▸ **ASSIGNMENT**
Beginning with the line where "have hqp : n%:R <= q%:R * P + P." appears, please restate each line of the records below word for word until the last one, inclusive, and nothing else.

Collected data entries
=== Begin Enclosure ===

Lemma sum_wiener_contract :
  \sum_(j < size E) wiener (contract (MGraph V E) j) =
  ((size V)%:R - 4) * wiener (MGraph V E) + (size V)%:R * total_length (MGraph V E).
Proof.
under eq_bigr => j _ do rewrite wiener_contract_terms.
transitivity (\sum_(y <- E) \sum_(e <- E)
    (if e != y then contracted_term e y else 0)).
  by rewrite (big_nth (edge0 R)) big_mkord.
rewrite exchange_big /= (wiener_tree tree) /total_length /= !big_distrr -big_split /=.
apply: eq_big_seq => e eE.
set n := count (side E e) V.
rewrite (eq_bigr (fun y => if y != e then (if side E e y.1.2
    then e.2 * ((n%:R - 1) * ((size V)%:R - 1 - (n%:R - 1)))
    else e.2 * ((n%:R - 0) * ((size V)%:R - 1 - (n%:R - 0)))) else 0)); last first.
  by move=> y _; rewrite eq_sym /contracted_term; case: (side E e y.1.2).
rewrite sum_if_if; have [-> ->] := side_edge_count tree eE.
have [cA cB] := side_card_gt0 tree eE.
have sV := count_predC (side E e) V.
rewrite -/n in cA sV *; clearbody n.
move: (count (predC _) V) cB sV => [//|m] _ <-.
case: n cA => [//|k] _ /=.
by rewrite -[k.+1]addn1 -[m.+1]addn1 !natrD; ring.
Qed.

End ContractionSum.

Section IteratedContraction.
Variable R : realType.

Definition contraction_coef (v k : nat) : R :=
  ((v%:R) ^+ 2 - (k + 2)%:R * v%:R + k%:R - 1) * k%:R
    / ((v%:R - k%:R - 2) * (v%:R - k%:R - 3)).

Lemma contraction_coefS v k : (k + 5 <= v)%N ->
  (v%:R - 4) * contraction_coef v k.+1 = v%:R + (v%:R - 2) * contraction_coef v.-1 k.
Proof.
move=> kv; have [t ->] : exists t, v = (t + k + 5)%N by exists (v - (k + 5))%N; lia.
have -> : (t + k + 5).-1 = (t + k + 4)%N by lia.
rewrite /contraction_coef -addn1 !natrD.
have t0 := ler0n R t; have k0 := ler0n R k.
by field; rewrite !lt0r_neq0 //; lra.
Qed.

Lemma contract_is_tree (G : mgraph R) (j : 'I_(size (medges G))) :
  is_metrized_tree G -> is_metrized_tree (contract G j).
Proof.
case: G j => V E j tree /=; have jE : (j < size E)%N := ltn_ord j.
case ej: (nth (edge0 R) E j) => [[a b] l].
by rewrite (contract_eq V ej); exact (contract_tree tree jE ej).
Qed.

Lemma nverts_contract (G : mgraph R) (j : 'I_(size (medges G))) :
  is_metrized_tree G -> nverts (contract G j) = (nverts G).-1.
Proof.
case: G j => V E j tree /=; have jE : (j < size E)%N := ltn_ord j.
case ej: (nth (edge0 R) E j) => [[a b] l].
by rewrite (contract_eq V ej); exact (size_contract_verts tree jE ej).
Qed.

Lemma total_length_contract (G : mgraph R) (j : 'I_(size (medges G))) :
  total_length (contract G j) = total_length G - (nth (edge0 R) (medges G) j).2.
Proof.
case: G j => V E j /=; have jE : (j < size E)%N := ltn_ord j.
case ej: (nth (edge0 R) E j) => [[a b] l].
by rewrite (contract_eq V ej); exact (contracted_total_length V jE ej).
Qed.

Lemma sum_total_length_contract (G : mgraph R) : is_metrized_tree G ->
  \sum_(j < size (medges G)) total_length (contract G j) =
  ((nverts G)%:R - 2) * total_length G.
Proof.
case: G => V E tree; under eq_bigr => j _ do rewrite total_length_contract.
rewrite sumrB sumr_const card_ord -(big_mkord xpredT (fun j => (nth (edge0 R) E j).2)).
rewrite -(big_nth (edge0 R) xpredT (fun e : nat * nat * R => e.2)) /=.
rewrite (tree_size_edges tree) /total_length /nverts /=.
move: (tree_size_edges tree); case: (size V) => [|n] /= sE.
  by move/size0nil: sE => ->; rewrite big_nil mulr0 mul0rn subr0.
by rewrite -mulr_natr -natr1; ring.
Qed.

Lemma iter_contr_sumE k (G : mgraph R) : is_metrized_tree G -> (k + 4 <= nverts G)%N ->
  iter_contr_sum k G =
  ((nverts G - 4) ^_ k)%:R * (wiener G + contraction_coef (nverts G) k * total_length G).
Proof.
elim: k G => [|k IH] G tree kv.
  by rewrite /= ffactn0 /contraction_coef mulr0 !mul0r addr0 mul1r.
have kv' (j : 'I_(size (medges G))) : (k + 4 <= nverts (contract G j))%N.
  by rewrite nverts_contract //; lia.
rewrite /=; under eq_bigr => j _ do
  rewrite (IH _ (contract_is_tree j tree) (kv' j)) (nverts_contract j tree).
case: G tree kv {kv'} => V E tree; rewrite /nverts /= => kv.
rewrite -big_distrr big_split sum_wiener_contract // -big_distrr.
rewrite (sum_total_length_contract tree) /nverts /=.
have coefS := @contraction_coefS (size V) k (ltac:(lia)).
rewrite ffactnS (_ : (size V - 4).-1 = (size V).-1 - 4)%N; last by lia.
rewrite natrM natrB; last by lia.
set F := ((size V).-1 - 4) ^_ k; set W := wiener _; set L := total_length _.
have -> : ((size V)%:R - 4%:R) * F%:R * (W + contraction_coef (size V) k.+1 * L) =
    F%:R * (((size V)%:R - 4) * W + ((size V)%:R - 4) * contraction_coef (size V) k.+1 * L).
  by ring.
by rewrite coefS; ring.
Qed.
End IteratedContraction.
Lemma ramp_dist del N k s t : 0 < del ->
  `|ramp del N k s - ramp del N k t| <= del^-1 * `|s - t|.
Proof.
move=> del0; apply: le_trans (clamp01_dist _ _) _.
have -> : s / del + N%:R + 1 - k%:R - (t / del + N%:R + 1 - k%:R) = del^-1 * (s - t).
  by rewrite mulrBr ![del^-1 * _]mulrC; ring.
by rewrite normrM ger0_norm // invr_ge0 ltW.
Qed.

Lemma ramp_le del N m n t : (m <= n)%N -> ramp del N n t <= ramp del N m t.
Proof. by move=> mn; apply: clamp01_le; rewrite lerD2l lerN2 ler_nat. Qed.

Lemma hat_ge0 del N k t : 0 <= hat del N k t.
Proof. by rewrite subr_ge0 ramp_le. Qed.

Lemma hat_neq0 del N k t : 0 < del -> hat del N k t != 0 -> `|t - node del N k| < del.
Proof.
rewrite /hat /ramp -addn1 natrD opprD addrA => del0.
set a := t / del + N%:R + 1 - k%:R => hat_neq0.
have [a0|a0] := leP a 0.
  by move: hat_neq0; rewrite !clamp01_le0 ?subrr ?eqxx //; lra.
have [a2|a2] := leP 2 a.
  by move: hat_neq0; rewrite !clamp01_ge1 ?subrr ?eqxx //; lra.
have -> : t - node del N k = del * (a - 1) by rewrite /a /node; field; lra.
by rewrite normrM ger0_norm ?ltW // gtr_pMr // ltr_norml; lra.
Qed.

Lemma sum_hat del N n t : \sum_(k < n) hat del N k t = ramp del N 0 t - ramp del N n t.
Proof.
elim: n => [|n IH]; first by rewrite big_ord0 subrr.
by rewrite big_ord_recr /= IH /hat; ring.
Qed.

Lemma sum_hat_ge0 del N n t : 0 <= \sum_(k < n) hat del N k t.
Proof. by rewrite sum_hat subr_ge0 ramp_le. Qed.

Lemma sum_hat_le1 del N n t : \sum_(k < n) hat del N k t <= 1.
Proof.
rewrite sum_hat /ramp; have := clamp01_ge0 (t / del + N%:R + 1 - n%:R).
by have := clamp01_le1 (t / del + N%:R + 1 - 0%:R); lra.
Qed.
(* Fekete's argument: write n = q p + s with b p / p close to the supremum. *)
Lemma fekete_eventually_ge eps : 0 < eps ->
  exists K : nat, forall n, (K <= n)%N -> n%:R * (L - eps) <= b n.
Proof.
move=> eps0.
have [_ [p p0 ->] bp_gt] :=
  sup_adherent (divr_gt0 eps0 (ltr0Sn R 1)) has_sup_fekete.
set P := p%:R : R.
have P0 : 0 < P by rewrite ltr0n.
have hbp : P * (L - eps / 2) <= b p by rewrite mulrC -ler_pdivlMr // ltW.
exists (Num.truncn (2 * P * L / eps)).+1 => n hn.
have hN : 2 * P * L < n%:R * eps.
  rewrite -ltr_pdivrMr //; apply: lt_le_trans (truncnS_gt _) _.
  by rewrite ler_nat.
have [|Leps] := leP (L - eps / 2) 0.
  by move=> ?; apply: le_trans (b_ge0 n); rewrite mulr_ge0_le0 //; lra.
set q := (n %/ p)%N.
have hq : q%:R * b p <= b n by rewrite [in b n](divn_eq n p) superadd_mulr.
have hqp : n%:R <= q%:R * P + P.
  by rewrite /P -natrM -natrD ler_nat {1}(divn_eq n p) leq_add2l ltnW // ltn_mod.
have : q%:R * (P * (L - eps / 2)) <= q%:R * b p by rewrite ler_wpM2l.
have : n%:R * (L - eps / 2) <= (q%:R * P + P) * (L - eps / 2).
  by apply: ler_wpM2r hqp; apply: ltW.
have := fekete_limit_ge0.
nra.
Qed.

Lemma fekete_lower_bound eps : 0 < eps ->
  exists C, forall k, k%:R * (L - eps) - C <= b k.
Proof.
move=> eps0; have [K hK] := fekete_eventually_ge eps0.
exists (K%:R * L) => k; have L0 := fekete_limit_ge0.
have [/hK|kK] := leqP K k.
  have : 0 <= K%:R * L by rewrite mulr_ge0.
  lra.
have : k%:R <= K%:R :> R by rewrite ler_nat ltnW.
have := b_ge0 k; have : 0 <= k%:R :> R by [].
nra.
Qed.

Lemma cvg_superadd_trunc x : 0 <= x <= 1 ->
  (fun n : nat => b (Num.truncn (x * n%:R)) / n%:R) @ \oo --> x * L.
Proof.
move=> /andP [x0 x1]; apply/cvgrPdist_le => eps eps0.
have [C hC] := fekete_lower_bound (divr_gt0 eps0 (ltr0Sn R 1)).
exists (Num.truncn (2 * (L + C) / eps)).+1 => // n /= hn.
have n0 : 0 < n%:R :> R by rewrite ltr0n; apply: leq_trans hn.
have hN : 2 * (L + C) < n%:R * eps.
  rewrite -ltr_pdivrMr //; apply: lt_le_trans (truncnS_gt _) _.
  by rewrite ler_nat.
set k := Num.truncn (x * n%:R).
have /andP [kx xk] := truncn_itv (mulr_ge0 x0 (ltW n0)).
rewrite -natr1 in xk.
have L0 := fekete_limit_ge0.
have kn : k%:R <= n%:R :> R by apply: le_trans kx _; rewrite ler_piMl // ltW.
have kL : x * n%:R * L <= (k%:R + 1) * L by rewrite ler_wpM2r // ltW.
have keps : k%:R * (eps / 2) <= n%:R * (eps / 2).
  by apply: ler_wpM2r kn; lra.
have ubk : b k <= k%:R * L := le_fekete_limit k.
have lbk := hC k.
have -> : x * L - b k / n%:R = (x * n%:R * L - b k) / n%:R.
  by field; rewrite gt_eqF.
rewrite ger0_norm ?ler_pdivrMr ?divr_ge0 ?(ltW n0) //.
- by nra.
- by rewrite subr_ge0; apply: le_trans ubk _; rewrite ler_wpM2r.
Qed.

=== End Enclosure ===

▸ **WRITTEN RESPONSE**
have hqp : n%:R <= q%:R * P + P.
  by rewrite /P -natrM -natrD ler_nat {1}(divn_eq n p) leq_add2l ltnW // ltn_mod.
have : q%:R * (P * (L - eps / 2)) <= q%:R * b p by rewrite ler_wpM2l.
have : n%:R * (L - eps / 2) <= (q%:R * P + P) * (L - eps / 2).
  by apply: ler_wpM2r hqp; apply: ltW.
have := fekete_limit_ge0.
nra.
Qed.

Lemma fekete_lower_bound eps : 0 < eps ->
  exists C, forall k, k%:R * (L - eps) - C <= b k.
Proof.
move=> eps0; have [K hK] := fekete_eventually_ge eps0.
exists (K%:R * L) => k; have L0 := fekete_limit_ge0.
have [/hK|kK] := leqP K k.
  have : 0 <= K%:R * L by rewrite mulr_ge0.
  lra.
have : k%:R <= K%:R :> R by rewrite ler_nat ltnW.
have := b_ge0 k; have : 0 <= k%:R :> R by [].
nra.
Qed.

Lemma cvg_superadd_trunc x : 0 <= x <= 1 ->
  (fun n : nat => b (Num.truncn (x * n%:R)) / n%:R) @ \oo --> x * L.
Proof.
move=> /andP [x0 x1]; apply/cvgrPdist_le => eps eps0.
have [C hC] := fekete_lower_bound (divr_gt0 eps0 (ltr0Sn R 1)).
exists (Num.truncn (2 * (L + C) / eps)).+1 => // n /= hn.
have n0 : 0 < n%:R :> R by rewrite ltr0n; apply: leq_trans hn.
have hN : 2 * (L + C) < n%:R * eps.
  rewrite -ltr_pdivrMr //; apply: lt_le_trans (truncnS_gt _) _.
  by rewrite ler_nat.
set k := Num.truncn (x * n%:R).
have /andP [kx xk] := truncn_itv (mulr_ge0 x0 (ltW n0)).
rewrite -natr1 in xk.
have L0 := fekete_limit_ge0.
have kn : k%:R <= n%:R :> R by apply: le_trans kx _; rewrite ler_piMl // ltW.
have kL : x * n%:R * L <= (k%:R + 1) * L by rewrite ler_wpM2r // ltW.
have keps : k%:R * (eps / 2) <= n%:R * (eps / 2).
  by apply: ler_wpM2r kn; lra.
have ubk : b k <= k%:R * L := le_fekete_limit k.
have lbk := hC k.
have -> : x * L - b k / n%:R = (x * n%:R * L - b k) / n%:R.
  by field; rewrite gt_eqF.
rewrite ger0_norm ?ler_pdivrMr ?divr_ge0 ?(ltW n0) //.
- by nra.
- by rewrite subr_ge0; apply: le_trans ubk _; rewrite ler_wpM2r.
Qed.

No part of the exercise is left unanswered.